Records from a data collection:
Lemma dmod_continuous (k : nat) (c : R) :
  a < c < b -> continuity_pt (fun s => dmod U V k s) c.
Proof.
  intros Hc.
  assert (continuity_pt (U k) c) by (apply derivable_continuous_pt; eexists; now apply HU).
  assert (continuity_pt (V k) c) by (apply derivable_continuous_pt; eexists; now apply HV).
  apply (continuity_pt_comp (fun s => U k s * U k s + V k s * V k s) sqrt).
  - apply continuity_pt_plus; apply continuity_pt_mult; assumption.
  - apply continuity_pt_sqrt; nra.
Qed.

Lemma antiderivative_bound (k : nat) (K : R) (i : nat) (x : R) :
  0 <= x < b -> U k 0 = 0 -> V k 0 = 0 ->
  (forall s, 0 < s < x -> dmod U V (S k) s <= K * s ^ i) ->
  dmod U V k x <= K * x ^ S i / INR (S i).
Proof.
  intros Hx HU0 HV0 Hbound.
  apply (cmod_growth_bound (U k) (V k) (U (S k)) (V (S k))); try tauto;
    intros s Hs; [apply HU | apply HV]; lra.
Qed.

Lemma iterated_bound (m p : nat) (A x0 : R) :
  x0 < b -> vanish_to U V m ->
  (forall s, 0 <= s <= x0 -> dmod U V m s <= A * s ^ p) ->
  forall j, (j <= m)%nat -> forall s, 0 <= s <= x0 ->
    dmod U V (m - j)%nat s <= A * ratio_fact p j * s ^ (p + j).
Proof.
  intros Hx0 Hvan Hm j; induction j as [| j IH]; intros Hj s Hs.
  - rewrite Nat.sub_0_r, Nat.add_0_r; unfold ratio_fact; rewrite Nat.add_0_r.
    replace (A * (INR (fact p) / INR (fact p))) with A; [auto |].
    field; apply not_0_INR, fact_neq_0.
  - destruct (Hvan (m - S j)%nat ltac:(lia)) as [HU0 HV0].
    rewrite <- ratio_fact_succ, Nat.add_succ_r.
    replace (A * (ratio_fact p j / INR (S (p + j)))) with ((A * ratio_fact p j) / INR (S (p + j)))
      by (unfold Rdiv; ring).
    unfold Rdiv; rewrite Rmult_assoc, (Rmult_comm (/ _)), <- Rmult_assoc.
    apply antiderivative_bound; [lra | assumption | assumption |].
    intros t Ht; replace (S (m - S j)) with (m - j)%nat by lia.
    apply IH; [lia | lra].
Qed.

Variables (n : nat) (C : R).
Hypothesis Hn : (2 <= n)%nat.
Hypothesis HC : 0 <= C.
Hypothesis Hineq : ode_ineq a b n C U V.

(* If |f^(n-1)| <= A s^p on [0,x0] and f vanishes to order n at 0, then the
   differential inequality gives |f^(n)(t)| <= C B_n A t^(p-1) on (0,x0]:
   each term |f^(k)(t)|/t^(n-k) is controlled by integrating n-1-k times. *)
Lemma ode_rhs_bound (p : nat) (A x0 : R) :
  (1 <= p)%nat -> 0 <= A -> x0 < b -> vanish_to U V n ->
  (forall s, 0 <= s <= x0 -> dmod U V (n - 1)%nat s <= A * s ^ p) ->
  forall t, 0 < t <= x0 -> dmod U V n t <= C * Bn n * A * t ^ (p - 1).
Proof.
  intros Hp HA Hx0 Hvan Hbound t Ht.
  assert (Hvan1 : vanish_to U V (n - 1)) by (intros j Hj; apply Hvan; lia).
  assert (Htp : 0 <= A * t ^ (p - 1)) by (apply Rmult_le_pos; [| apply pow_le]; lra).
  eapply Rle_trans; [apply Hineq; lra |].
  rewrite Rabs_right by lra; rewrite !Rmult_assoc; apply Rmult_le_compat_l; [exact HC |].
  apply Rle_trans with (sum_f_R0 (fun k => ratio_fact p (n - 1 - k) * (A * t ^ (p - 1))) (n - 1)).
  - apply sum_Rle; intros k Hk.
    pose proof (iterated_bound (n - 1) p A x0 Hx0 Hvan1 Hbound (n - 1 - k) ltac:(lia) t
                  ltac:(lra)) as Hterm.
    replace (n - 1 - (n - 1 - k))%nat with k in Hterm by lia.
    replace (p + (n - 1 - k))%nat with (p - 1 + (n - k))%nat in Hterm by lia.
    rewrite pow_add in Hterm.
    assert (0 < t ^ (n - k)) by (apply pow_lt; lra).
    apply (Rmult_le_reg_r (t ^ (n - k))); [assumption |].
    unfold Rdiv; rewrite Rmult_assoc, Rinv_l by lra; nra.
  - rewrite <- scal_sum, Rmult_comm; apply Rmult_le_compat_r;
      [exact Htp | apply sum_ratio_fact_le_Bn].
Qed.

Lemma self_improve (p : nat) (A x0 : R) :
  (1 <= p)%nat -> 0 <= A -> x0 < b -> vanish_to U V n ->
  (forall s, 0 <= s <= x0 -> dmod U V (n - 1)%nat s <= A * s ^ p) ->
  forall s, 0 <= s <= x0 -> dmod U V (n - 1)%nat s <= (C * Bn n / INR p) * A * s ^ p.
Proof.
  intros Hp HA Hx0 Hvan Hbound s Hs.
  assert (0 < INR p) by (apply lt_0_INR; lia).
  destruct (Hvan (n - 1)%nat ltac:(lia)) as [HU0 HV0].
  eapply Rle_trans.
  - apply (antiderivative_bound (n - 1) (C * Bn n * A) (p - 1) s); [lra | assumption | assumption |].
    intros t Ht; replace (S (n - 1)) with n by lia.
    apply (ode_rhs_bound p A x0); auto; lra.
  - replace (S (p - 1)) with p by lia; right; field; lra.
Qed.

(* Flatness on the right: if f vanishes at 0 to an order N > B_n C + n - 1,
   then f = 0 on [0,b).  Bounding |f^(N)| by its maximum M on [0,x] gives
   |f^(n-1)| <= A s^p with p = N - n + 1 > C B_n; self-improvement with the
   factor C B_n / p < 1 then forces |f^(n-1)| = 0, and so f = 0 on [0,x]. *)
Lemma flat_right (N : nat) :
  Bn n * C + INR n - 1 < INR N -> vanish_to U V N ->
  forall x, 0 <= x < b -> U 0%nat x = 0 /\ V 0%nat x = 0.
Proof.
  intros HN Hvan x Hx.
  pose proof (Bn_nonneg n) as HB.
  assert (HnN : (n <= N)%nat).
  { assert (Hlt : INR (n - 1) < INR N) by (rewrite minus_INR by lia; simpl; nra).
    apply INR_lt in Hlt; lia. }
  destruct (Req_dec x 0) as [-> | Hx0]; [apply Hvan; lia |].
  set (p := (N - n + 1)%nat).
  assert (HpI : INR p = INR N - INR n + 1)
    by (unfold p; rewrite plus_INR, minus_INR by lia; simpl; ring).
  set (q := C * Bn n / INR p).
  assert (Hq : 0 <= q < 1).
  { unfold q; assert (0 < INR p) by (rewrite HpI; nra); split.
    - apply Rmult_le_pos; [nra | left; apply Rinv_0_lt_compat; lra].
    - apply (Rmult_lt_reg_r (INR p)); [lra | field_simplify; nra]. }
  destruct (continuity_ab_maj (fun s => dmod U V N s) 0 x ltac:(lra)) as [xM [HM HxM]].
  { intros c Hc; apply dmod_continuous; lra. }
  set (A := dmod U V N xM * ratio_fact 0 p).
  assert (HA : 0 <= A) by (apply Rmult_le_pos; [apply cmod_nonneg | apply ratio_fact_nonneg]).
  assert (Hvann : vanish_to U V n) by (intros j Hj; apply Hvan; lia).
  assert (Hstart : forall s, 0 <= s <= x -> dmod U V (n - 1)%nat s <= A * s ^ p).
  { intros s Hs; replace (n - 1)%nat with (N - p)%nat by (unfold p; lia).
    apply (iterated_bound N 0 _ x); auto; [lra | intros t Ht; simpl; rewrite Rmult_1_r; auto | unfold p; lia]. }
  assert (Hiter : forall m s, 0 <= s <= x -> dmod U V (n - 1)%nat s <= A * s ^ p * q ^ m).
  { induction m as [| m IH]; intros s Hs; [simpl; rewrite Rmult_1_r; auto |].
    eapply Rle_trans.
    - apply (self_improve p (A * q ^ m) x); try (unfold p; lia); try lra;
        [apply Rmult_le_pos; [| apply pow_le]; lra | exact Hvann |].
      intros t Ht; eapply Rle_trans; [apply IH; exact Ht | right; ring].
    - right; fold q; simpl; ring. }
  assert (Hzero : forall s, 0 <= s <= x -> dmod U V (n - 1)%nat s <= 0 * s ^ p).
  { intros s Hs; rewrite Rmult_0_l.
    apply (geometric_squeeze _ (A * s ^ p) q); [apply Rmult_le_pos; [| apply pow_le]; lra | exact Hq |].
    intro m; apply Hiter; exact Hs. }
  pose proof (iterated_bound (n - 1) p 0 x ltac:(lra) ltac:(intros j Hj; apply Hvan; lia)
                Hzero (n - 1) (le_n _) x ltac:(lra)) as Hf.
  rewrite Nat.sub_diag, !Rmult_0_l in Hf.
  apply cmod_eq0; pose proof (cmod_nonneg (U 0%nat x) (V 0%nat x)); lra.
Qed.

End RightHalf.

(* Reflection x |-> -x maps the k-th derivative of f to (-1)^k f^(k)(-x). *)
Definition reflect (U : nat -> R -> R) : nat -> R -> R :=
  fun k t => (-1) ^ k * U k (- t).

Lemma reflect_derivs (a b : R) (U : nat -> R -> R) :
  derivs_on a b U -> derivs_on (- b) (- a) (reflect U).
Proof.
  intros HU k t Ht; unfold reflect.
  replace ((-1) ^ S k * U (S k) (- t)) with ((-1) ^ k * - U (S k) (- t)) by (simpl; ring).
  apply (derivable_pt_lim_scal (mirr_fct (U k))), derivable_pt_lim_mirr_fwd.
  rewrite Ropp_involutive; apply HU; lra.
Qed.

Lemma reflect_dmod (U V : nat -> R -> R) (k : nat) (t : R) :
  dmod (reflect U) (reflect V) k t = dmod U V k (- t).
Proof.
  unfold reflect, cmod; f_equal.
  assert (Hsign : (-1) ^ k * (-1) ^ k = 1)
    by (rewrite <- pow_add; replace (k + k)%nat with (2 * k)%nat by lia; apply pow_1_even).
  transitivity ((-1) ^ k * (-1) ^ k * (U k (- t) * U k (- t) + V k (- t) * V k (- t))); [ring |].
  rewrite Hsign; ring.
Qed.

Lemma reflect_ode_ineq (a b : R) (n : nat) (C : R) (U V : nat -> R -> R) :
  ode_ineq a b n C U V -> ode_ineq (- b) (- a) n C (reflect U) (reflect V).
Proof.
  intros Hineq t Ht Ht0; rewrite reflect_dmod.
  rewrite (sum_eq _ (fun k => dmod U V k (- t) / Rabs (- t) ^ (n - k)))
    by (intros; rewrite reflect_dmod, Rabs_Ropp; reflexivity).
  apply Hineq; lra.
Qed.

Lemma reflect_vanish_to (U V : nat -> R -> R) (N : nat) :
  vanish_to U V N -> vanish_to (reflect U) (reflect V) N.
Proof.
  intros Hvan j Hj; unfold reflect; rewrite Ropp_0.
  destruct (Hvan j Hj) as [-> ->]; split; ring.
Qed.

Lemma flat (a b : R) (n : nat) (C : R) (U V : nat -> R -> R) (N : nat) :
  a < 0 < b -> (2 <= n)%nat -> 0 <= C ->
  derivs_on a b U -> derivs_on a b V -> ode_ineq a b n C U V ->
  Bn n * C + INR n - 1 < INR N -> vanish_to U V N ->
  forall x, a < x < b -> U 0%nat x = 0 /\ V 0%nat x = 0.
Proof.
  intros Hab Hn HC HU HV Hineq HN Hvan x Hx.
  destruct (Rle_or_lt 0 x) as [Hx0 | Hx0].
  - apply (flat_right a b U V) with n C N; tauto.
  - destruct (flat_right (- b) (- a) (reflect U) (reflect V) ltac:(lra)
                (reflect_derivs a b U HU) (reflect_derivs a b V HV) n C Hn HC
                (reflect_ode_ineq a b n C U V Hineq) N HN (reflect_vanish_to U V N Hvan)
                (- x) ltac:(lra)) as [HU0 HV0].
    unfold reflect in HU0, HV0; simpl in HU0, HV0; rewrite Ropp_involutive in HU0, HV0.
    split; lra.
Qed.

(* The first nonvanishing derivative at 0 exists, since
   otherwise f would vanish to every order and hence be zero by [flat];
   taking the least such order N, [flat] again shows N <= B_n C + n - 1. *)
Theorem lemma8 (a b : R) (n : nat) (C : R) (U V : nat -> R -> R) :
  a < 0 < b -> (2 <= n)%nat -> 0 <= C ->
  derivs_on a b U -> derivs_on a b V ->
  (forall x, a < x < b -> x <> 0 ->
     cmod (U n x) (V n x) <=
     C * sum_f_R0 (fun k => cmod (U k x) (V k x) / Rabs x ^ (n - k)) (n - 1)) ->
  (exists x, a < x < b /\ (U 0%nat x <> 0 \/ V 0%nat x <> 0)) ->
  exists N : nat,
    (forall j, (j < N)%nat -> U j 0 = 0 /\ V j 0 = 0) /\
    (U N 0 <> 0 \/ V N 0 <> 0) /\
    INR N <= Bn n * C + INR n - 1.
Proof.
  intros Hab Hn HC HU HV Hineq [x [Hx Hnz]].
  set (nonzero := fun j => U j 0 <> 0 \/ V j 0 <> 0).
  assert (Hnot_flat : forall N, vanish_to U V N -> INR N <= Bn n * C + INR n - 1).
  { intros N Hvan; apply Rnot_lt_le; intros HN.
    destruct (flat a b n C U V N Hab Hn HC HU HV Hineq HN Hvan x Hx); tauto. }
  assert (Hex : exists j, nonzero j).
  { apply NNPP; intros Hall.
    destruct (INR_unbounded (Bn n * C + INR n - 1)) as [N HN].
    apply (Rlt_not_le _ _ HN), Hnot_flat.
    intros j _; split; apply NNPP; intros Hj; apply Hall; exists j; red; tauto. }
  destruct (dec_inh_nat_subset_has_unique_least_element nonzero
              (fun j => classic (nonzero j)) Hex) as [N [[HN Hleast] _]].
  assert (Hvan : vanish_to U V N).
  { intros j Hj; split; apply NNPP; intros Hj0;
      specialize (Hleast j ltac:(red; tauto)); lia. }
  exists N; split; [exact Hvan | split; [exact HN | now apply Hnot_flat]].
Qed.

What is expected: List the lines of the entries that include "order".

Exercise solution:
(* If |f^(n-1)| <= A s^p on [0,x0] and f vanishes to order n at 0, then the
(* Flatness on the right: if f vanishes at 0 to an order N > B_n C + n - 1,
   otherwise f would vanish to every order and hence be zero by [flat];
   taking the least such order N, [flat] again shows N <= B_n C + n - 1. *)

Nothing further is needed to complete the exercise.